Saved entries
......
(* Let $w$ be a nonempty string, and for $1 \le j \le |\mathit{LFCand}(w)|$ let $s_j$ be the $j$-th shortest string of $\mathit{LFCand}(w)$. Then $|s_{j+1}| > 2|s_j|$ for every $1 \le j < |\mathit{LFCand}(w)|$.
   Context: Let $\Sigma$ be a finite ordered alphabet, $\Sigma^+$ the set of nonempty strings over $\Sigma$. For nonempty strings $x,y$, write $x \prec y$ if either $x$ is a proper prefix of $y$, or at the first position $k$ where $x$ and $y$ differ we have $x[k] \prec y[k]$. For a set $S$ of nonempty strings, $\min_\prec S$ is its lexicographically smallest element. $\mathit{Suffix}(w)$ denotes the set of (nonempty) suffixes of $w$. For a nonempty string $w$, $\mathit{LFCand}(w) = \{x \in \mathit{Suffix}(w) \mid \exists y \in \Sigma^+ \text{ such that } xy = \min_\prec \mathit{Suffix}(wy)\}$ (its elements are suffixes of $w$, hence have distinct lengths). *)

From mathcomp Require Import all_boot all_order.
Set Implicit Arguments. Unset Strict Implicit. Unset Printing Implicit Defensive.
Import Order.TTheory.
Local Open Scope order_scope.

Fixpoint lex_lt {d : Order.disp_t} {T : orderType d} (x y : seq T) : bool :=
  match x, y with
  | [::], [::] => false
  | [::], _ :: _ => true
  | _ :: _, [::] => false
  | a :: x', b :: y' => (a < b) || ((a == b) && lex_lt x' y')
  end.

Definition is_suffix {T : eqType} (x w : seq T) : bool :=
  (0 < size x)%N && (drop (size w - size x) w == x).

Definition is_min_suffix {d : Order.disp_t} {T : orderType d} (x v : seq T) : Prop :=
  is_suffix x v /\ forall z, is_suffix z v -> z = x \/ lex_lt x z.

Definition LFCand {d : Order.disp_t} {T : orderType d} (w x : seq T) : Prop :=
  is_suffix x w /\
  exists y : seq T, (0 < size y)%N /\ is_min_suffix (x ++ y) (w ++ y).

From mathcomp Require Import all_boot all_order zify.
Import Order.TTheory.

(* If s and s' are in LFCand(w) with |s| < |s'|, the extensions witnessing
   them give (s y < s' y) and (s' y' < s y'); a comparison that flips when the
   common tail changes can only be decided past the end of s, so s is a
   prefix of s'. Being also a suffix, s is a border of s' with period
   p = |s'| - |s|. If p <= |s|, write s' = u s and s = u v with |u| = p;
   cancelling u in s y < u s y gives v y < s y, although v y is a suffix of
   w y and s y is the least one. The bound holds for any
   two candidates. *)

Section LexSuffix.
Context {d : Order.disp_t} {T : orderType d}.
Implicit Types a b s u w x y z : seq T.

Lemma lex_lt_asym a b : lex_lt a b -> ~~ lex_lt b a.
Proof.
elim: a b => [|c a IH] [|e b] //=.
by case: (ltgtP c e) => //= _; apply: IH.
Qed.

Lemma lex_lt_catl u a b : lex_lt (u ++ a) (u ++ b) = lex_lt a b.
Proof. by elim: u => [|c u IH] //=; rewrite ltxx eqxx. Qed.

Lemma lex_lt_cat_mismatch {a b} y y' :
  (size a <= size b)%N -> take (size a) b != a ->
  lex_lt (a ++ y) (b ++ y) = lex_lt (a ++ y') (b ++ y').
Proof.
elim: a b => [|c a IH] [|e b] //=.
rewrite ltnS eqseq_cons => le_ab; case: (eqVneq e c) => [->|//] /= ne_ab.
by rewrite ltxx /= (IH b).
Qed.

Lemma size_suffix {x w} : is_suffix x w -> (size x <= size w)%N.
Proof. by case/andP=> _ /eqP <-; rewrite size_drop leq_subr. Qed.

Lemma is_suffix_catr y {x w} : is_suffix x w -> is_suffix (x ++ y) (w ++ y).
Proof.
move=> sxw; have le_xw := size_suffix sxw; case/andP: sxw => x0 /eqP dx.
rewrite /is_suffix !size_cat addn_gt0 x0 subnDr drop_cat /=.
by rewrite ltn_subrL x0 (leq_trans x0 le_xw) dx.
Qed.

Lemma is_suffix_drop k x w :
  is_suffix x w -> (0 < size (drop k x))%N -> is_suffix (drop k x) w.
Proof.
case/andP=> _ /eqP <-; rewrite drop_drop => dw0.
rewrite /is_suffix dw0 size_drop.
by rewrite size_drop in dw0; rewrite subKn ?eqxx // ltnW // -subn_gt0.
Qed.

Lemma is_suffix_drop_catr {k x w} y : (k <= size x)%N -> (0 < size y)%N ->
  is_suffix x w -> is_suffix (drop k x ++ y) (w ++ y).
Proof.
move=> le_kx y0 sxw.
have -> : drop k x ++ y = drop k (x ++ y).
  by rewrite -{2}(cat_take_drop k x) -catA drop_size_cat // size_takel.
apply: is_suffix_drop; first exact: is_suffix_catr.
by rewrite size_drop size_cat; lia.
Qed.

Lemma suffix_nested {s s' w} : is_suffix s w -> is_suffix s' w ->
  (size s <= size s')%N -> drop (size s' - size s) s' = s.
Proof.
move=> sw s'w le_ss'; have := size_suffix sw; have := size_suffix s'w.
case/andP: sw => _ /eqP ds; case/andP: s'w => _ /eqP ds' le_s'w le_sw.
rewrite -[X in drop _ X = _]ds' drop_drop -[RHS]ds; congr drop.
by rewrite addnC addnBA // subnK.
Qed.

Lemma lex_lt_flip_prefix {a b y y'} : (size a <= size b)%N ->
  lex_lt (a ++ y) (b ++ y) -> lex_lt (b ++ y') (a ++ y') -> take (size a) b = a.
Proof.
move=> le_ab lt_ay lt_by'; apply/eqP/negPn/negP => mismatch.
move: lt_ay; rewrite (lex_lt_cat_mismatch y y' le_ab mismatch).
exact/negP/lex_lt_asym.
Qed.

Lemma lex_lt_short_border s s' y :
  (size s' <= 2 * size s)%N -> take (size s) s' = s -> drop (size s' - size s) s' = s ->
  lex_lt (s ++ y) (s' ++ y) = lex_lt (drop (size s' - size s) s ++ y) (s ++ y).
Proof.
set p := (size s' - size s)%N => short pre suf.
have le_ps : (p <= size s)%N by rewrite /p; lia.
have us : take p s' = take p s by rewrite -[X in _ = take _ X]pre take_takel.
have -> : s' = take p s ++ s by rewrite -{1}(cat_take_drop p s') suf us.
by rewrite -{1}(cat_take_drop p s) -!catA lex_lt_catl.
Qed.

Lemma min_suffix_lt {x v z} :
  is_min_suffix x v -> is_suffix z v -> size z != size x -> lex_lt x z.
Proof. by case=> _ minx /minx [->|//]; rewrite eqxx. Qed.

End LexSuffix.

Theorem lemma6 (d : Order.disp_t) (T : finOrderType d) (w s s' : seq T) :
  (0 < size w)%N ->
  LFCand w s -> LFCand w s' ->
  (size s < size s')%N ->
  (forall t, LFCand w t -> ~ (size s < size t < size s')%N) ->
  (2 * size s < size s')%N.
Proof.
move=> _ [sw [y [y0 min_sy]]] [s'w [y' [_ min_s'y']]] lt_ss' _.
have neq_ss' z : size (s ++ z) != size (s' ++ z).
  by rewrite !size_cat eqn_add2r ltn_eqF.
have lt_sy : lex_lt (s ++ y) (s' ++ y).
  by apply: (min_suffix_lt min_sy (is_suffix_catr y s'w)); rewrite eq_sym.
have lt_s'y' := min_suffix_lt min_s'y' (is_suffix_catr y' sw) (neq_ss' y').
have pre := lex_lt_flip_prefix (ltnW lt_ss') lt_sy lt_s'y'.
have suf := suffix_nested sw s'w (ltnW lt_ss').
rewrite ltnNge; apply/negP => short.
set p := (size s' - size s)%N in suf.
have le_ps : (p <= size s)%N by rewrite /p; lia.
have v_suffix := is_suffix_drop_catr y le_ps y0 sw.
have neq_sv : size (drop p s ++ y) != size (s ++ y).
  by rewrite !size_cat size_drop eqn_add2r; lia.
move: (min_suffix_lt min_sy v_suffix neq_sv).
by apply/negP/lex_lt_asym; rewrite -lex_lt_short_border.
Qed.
......
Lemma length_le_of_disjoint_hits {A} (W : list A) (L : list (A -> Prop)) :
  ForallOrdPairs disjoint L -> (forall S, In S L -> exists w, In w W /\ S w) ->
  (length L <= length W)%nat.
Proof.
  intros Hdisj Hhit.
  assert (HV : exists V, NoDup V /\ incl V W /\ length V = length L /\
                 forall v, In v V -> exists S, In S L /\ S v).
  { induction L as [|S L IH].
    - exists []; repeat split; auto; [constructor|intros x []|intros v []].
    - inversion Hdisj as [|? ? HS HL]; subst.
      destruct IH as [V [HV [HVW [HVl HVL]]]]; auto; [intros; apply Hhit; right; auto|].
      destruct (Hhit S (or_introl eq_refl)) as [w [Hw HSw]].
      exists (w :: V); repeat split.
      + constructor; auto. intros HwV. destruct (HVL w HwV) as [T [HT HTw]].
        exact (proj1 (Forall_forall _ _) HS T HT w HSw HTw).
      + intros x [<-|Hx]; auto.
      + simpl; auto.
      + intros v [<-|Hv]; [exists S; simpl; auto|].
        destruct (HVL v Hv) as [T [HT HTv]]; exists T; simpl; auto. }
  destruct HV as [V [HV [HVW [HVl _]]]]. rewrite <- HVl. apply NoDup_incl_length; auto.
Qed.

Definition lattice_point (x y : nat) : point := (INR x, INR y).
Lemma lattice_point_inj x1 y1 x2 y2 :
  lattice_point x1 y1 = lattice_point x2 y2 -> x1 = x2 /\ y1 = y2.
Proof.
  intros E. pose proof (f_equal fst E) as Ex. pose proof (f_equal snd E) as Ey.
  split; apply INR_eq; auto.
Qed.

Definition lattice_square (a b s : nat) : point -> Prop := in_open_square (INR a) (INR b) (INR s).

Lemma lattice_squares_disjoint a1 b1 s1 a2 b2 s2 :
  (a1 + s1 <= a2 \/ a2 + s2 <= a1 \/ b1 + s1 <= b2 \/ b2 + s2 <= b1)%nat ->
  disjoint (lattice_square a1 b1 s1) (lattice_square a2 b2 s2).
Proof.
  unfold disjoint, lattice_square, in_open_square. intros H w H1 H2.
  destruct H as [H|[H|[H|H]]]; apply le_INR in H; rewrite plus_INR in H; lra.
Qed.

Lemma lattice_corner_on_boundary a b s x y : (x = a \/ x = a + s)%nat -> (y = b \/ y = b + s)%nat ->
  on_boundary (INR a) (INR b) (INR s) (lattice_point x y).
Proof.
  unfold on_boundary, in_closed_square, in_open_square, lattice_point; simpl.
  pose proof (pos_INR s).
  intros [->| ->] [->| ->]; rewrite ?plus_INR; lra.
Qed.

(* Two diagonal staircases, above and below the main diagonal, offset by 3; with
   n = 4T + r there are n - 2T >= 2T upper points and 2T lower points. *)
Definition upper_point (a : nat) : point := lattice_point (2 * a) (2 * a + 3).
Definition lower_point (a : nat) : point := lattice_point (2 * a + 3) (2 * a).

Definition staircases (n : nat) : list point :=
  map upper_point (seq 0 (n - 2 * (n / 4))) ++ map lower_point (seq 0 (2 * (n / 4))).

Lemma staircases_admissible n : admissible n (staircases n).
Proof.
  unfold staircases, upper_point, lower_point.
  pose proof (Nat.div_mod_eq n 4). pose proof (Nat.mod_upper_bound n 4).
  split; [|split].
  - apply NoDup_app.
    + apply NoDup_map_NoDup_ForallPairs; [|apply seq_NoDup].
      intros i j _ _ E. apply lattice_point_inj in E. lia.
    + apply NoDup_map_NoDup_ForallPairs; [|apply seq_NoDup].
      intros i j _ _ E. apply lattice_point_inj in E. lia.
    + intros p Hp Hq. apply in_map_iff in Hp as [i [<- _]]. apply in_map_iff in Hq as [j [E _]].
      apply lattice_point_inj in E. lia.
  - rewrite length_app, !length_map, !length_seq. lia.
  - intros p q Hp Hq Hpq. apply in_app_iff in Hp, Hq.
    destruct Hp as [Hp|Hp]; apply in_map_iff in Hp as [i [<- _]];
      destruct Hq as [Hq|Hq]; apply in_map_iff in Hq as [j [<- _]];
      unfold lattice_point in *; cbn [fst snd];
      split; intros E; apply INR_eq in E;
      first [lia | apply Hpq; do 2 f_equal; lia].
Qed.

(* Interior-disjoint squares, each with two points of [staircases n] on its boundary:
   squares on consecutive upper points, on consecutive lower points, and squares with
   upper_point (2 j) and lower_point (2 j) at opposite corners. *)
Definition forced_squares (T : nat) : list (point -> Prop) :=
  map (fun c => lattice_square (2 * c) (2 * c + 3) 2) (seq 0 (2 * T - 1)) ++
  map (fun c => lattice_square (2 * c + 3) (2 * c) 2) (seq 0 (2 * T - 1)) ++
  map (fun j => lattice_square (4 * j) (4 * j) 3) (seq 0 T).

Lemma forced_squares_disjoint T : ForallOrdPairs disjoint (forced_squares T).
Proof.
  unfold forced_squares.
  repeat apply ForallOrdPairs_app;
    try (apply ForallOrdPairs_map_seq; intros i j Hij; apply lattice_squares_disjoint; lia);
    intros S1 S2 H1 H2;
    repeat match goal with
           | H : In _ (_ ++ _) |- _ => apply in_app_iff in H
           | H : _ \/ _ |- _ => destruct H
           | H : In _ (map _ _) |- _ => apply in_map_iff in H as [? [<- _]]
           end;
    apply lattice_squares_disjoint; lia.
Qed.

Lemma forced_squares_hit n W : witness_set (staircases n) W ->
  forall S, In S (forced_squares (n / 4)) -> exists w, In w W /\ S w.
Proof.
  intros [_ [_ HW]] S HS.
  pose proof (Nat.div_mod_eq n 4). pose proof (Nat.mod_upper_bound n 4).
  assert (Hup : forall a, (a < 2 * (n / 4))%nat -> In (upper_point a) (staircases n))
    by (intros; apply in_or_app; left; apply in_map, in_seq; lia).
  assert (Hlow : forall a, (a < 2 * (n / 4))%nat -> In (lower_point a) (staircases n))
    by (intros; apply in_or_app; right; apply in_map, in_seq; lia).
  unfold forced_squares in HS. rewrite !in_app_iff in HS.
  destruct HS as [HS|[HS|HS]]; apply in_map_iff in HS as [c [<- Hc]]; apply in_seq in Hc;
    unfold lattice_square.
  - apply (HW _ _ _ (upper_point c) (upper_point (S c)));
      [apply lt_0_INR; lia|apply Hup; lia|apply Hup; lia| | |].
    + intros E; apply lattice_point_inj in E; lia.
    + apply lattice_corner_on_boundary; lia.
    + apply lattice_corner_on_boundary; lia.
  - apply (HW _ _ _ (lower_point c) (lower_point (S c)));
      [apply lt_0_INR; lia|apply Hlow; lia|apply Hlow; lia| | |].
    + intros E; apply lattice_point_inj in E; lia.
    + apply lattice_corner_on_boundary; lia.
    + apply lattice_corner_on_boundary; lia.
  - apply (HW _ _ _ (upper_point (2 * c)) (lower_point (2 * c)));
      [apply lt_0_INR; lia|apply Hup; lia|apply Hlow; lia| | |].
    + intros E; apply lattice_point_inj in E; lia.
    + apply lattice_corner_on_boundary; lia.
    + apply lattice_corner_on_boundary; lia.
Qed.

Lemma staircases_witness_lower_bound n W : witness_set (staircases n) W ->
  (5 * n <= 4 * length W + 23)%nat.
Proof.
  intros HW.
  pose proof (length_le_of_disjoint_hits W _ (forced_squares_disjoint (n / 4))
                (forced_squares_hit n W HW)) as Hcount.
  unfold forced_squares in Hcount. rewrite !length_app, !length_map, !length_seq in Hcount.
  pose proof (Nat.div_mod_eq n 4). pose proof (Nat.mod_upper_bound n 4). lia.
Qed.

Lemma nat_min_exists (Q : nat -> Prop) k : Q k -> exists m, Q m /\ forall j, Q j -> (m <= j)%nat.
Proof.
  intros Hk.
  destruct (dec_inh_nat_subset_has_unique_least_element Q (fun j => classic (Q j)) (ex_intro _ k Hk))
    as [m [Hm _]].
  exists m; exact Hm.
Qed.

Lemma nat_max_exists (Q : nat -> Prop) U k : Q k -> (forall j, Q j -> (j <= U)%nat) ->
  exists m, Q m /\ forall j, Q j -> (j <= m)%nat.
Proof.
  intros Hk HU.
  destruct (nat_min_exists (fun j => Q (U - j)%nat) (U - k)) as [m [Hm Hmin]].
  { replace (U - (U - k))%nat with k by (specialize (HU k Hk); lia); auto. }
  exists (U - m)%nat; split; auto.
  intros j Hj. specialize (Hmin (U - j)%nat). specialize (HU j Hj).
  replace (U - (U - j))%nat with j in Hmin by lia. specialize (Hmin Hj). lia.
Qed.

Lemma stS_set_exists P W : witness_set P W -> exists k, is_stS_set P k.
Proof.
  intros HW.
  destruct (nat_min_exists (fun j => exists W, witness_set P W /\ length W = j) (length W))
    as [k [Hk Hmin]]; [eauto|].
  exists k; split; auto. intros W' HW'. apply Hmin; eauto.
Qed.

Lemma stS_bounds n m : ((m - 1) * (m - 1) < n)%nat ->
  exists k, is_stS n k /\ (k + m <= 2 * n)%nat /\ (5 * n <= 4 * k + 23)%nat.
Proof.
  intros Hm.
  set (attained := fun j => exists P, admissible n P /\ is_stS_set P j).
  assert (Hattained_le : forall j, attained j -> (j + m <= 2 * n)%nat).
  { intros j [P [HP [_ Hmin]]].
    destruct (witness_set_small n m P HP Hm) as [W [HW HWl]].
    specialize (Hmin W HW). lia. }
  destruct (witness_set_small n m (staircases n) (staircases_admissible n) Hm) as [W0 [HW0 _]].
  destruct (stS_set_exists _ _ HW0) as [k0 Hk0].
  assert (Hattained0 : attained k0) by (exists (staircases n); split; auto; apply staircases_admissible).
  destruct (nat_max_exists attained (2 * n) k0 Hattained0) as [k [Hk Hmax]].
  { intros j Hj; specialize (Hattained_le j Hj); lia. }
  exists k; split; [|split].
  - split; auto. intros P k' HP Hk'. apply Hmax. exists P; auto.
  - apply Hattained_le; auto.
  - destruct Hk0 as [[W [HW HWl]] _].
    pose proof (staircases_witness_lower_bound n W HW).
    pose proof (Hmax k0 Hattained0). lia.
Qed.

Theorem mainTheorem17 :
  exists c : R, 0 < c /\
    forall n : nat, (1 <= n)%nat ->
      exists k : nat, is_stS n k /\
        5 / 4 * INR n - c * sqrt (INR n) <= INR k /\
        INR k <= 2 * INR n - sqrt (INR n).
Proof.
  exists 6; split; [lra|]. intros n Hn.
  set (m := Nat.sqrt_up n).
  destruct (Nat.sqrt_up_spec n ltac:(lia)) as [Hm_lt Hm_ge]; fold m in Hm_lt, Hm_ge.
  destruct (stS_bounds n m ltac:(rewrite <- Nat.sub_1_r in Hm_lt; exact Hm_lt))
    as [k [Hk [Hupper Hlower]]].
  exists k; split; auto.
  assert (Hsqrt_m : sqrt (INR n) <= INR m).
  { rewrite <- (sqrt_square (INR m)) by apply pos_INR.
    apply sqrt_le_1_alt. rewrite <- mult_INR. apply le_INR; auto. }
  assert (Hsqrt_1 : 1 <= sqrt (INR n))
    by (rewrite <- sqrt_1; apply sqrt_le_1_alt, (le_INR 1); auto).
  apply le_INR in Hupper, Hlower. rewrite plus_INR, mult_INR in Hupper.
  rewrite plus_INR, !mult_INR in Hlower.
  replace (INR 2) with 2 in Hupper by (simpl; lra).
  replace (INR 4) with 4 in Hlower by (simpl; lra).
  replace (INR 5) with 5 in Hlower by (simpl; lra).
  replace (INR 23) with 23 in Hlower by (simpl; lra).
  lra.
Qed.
......
WHAT IS NEEDED ▸
The output should be exactly the lines above from the line containing "(* Let $w$ be" to the line containing "match x, y with", inclusive, with no other lines.

RESULT OF THIS TASK ▸
(* Let $w$ be a nonempty string, and for $1 \le j \le |\mathit{LFCand}(w)|$ let $s_j$ be the $j$-th shortest string of $\mathit{LFCand}(w)$. Then $|s_{j+1}| > 2|s_j|$ for every $1 \le j < |\mathit{LFCand}(w)|$.
   Context: Let $\Sigma$ be a finite ordered alphabet, $\Sigma^+$ the set of nonempty strings over $\Sigma$. For nonempty strings $x,y$, write $x \prec y$ if either $x$ is a proper prefix of $y$, or at the first position $k$ where $x$ and $y$ differ we have $x[k] \prec y[k]$. For a set $S$ of nonempty strings, $\min_\prec S$ is its lexicographically smallest element. $\mathit{Suffix}(w)$ denotes the set of (nonempty) suffixes of $w$. For a nonempty string $w$, $\mathit{LFCand}(w) = \{x \in \mathit{Suffix}(w) \mid \exists y \in \Sigma^+ \text{ such that } xy = \min_\prec \mathit{Suffix}(wy)\}$ (its elements are suffixes of $w$, hence have distinct lengths). *)

From mathcomp Require Import all_boot all_order.
Set Implicit Arguments. Unset Strict Implicit. Unset Printing Implicit Defensive.
Import Order.TTheory.
Local Open Scope order_scope.

Fixpoint lex_lt {d : Order.disp_t} {T : orderType d} (x y : seq T) : bool :=
  match x, y with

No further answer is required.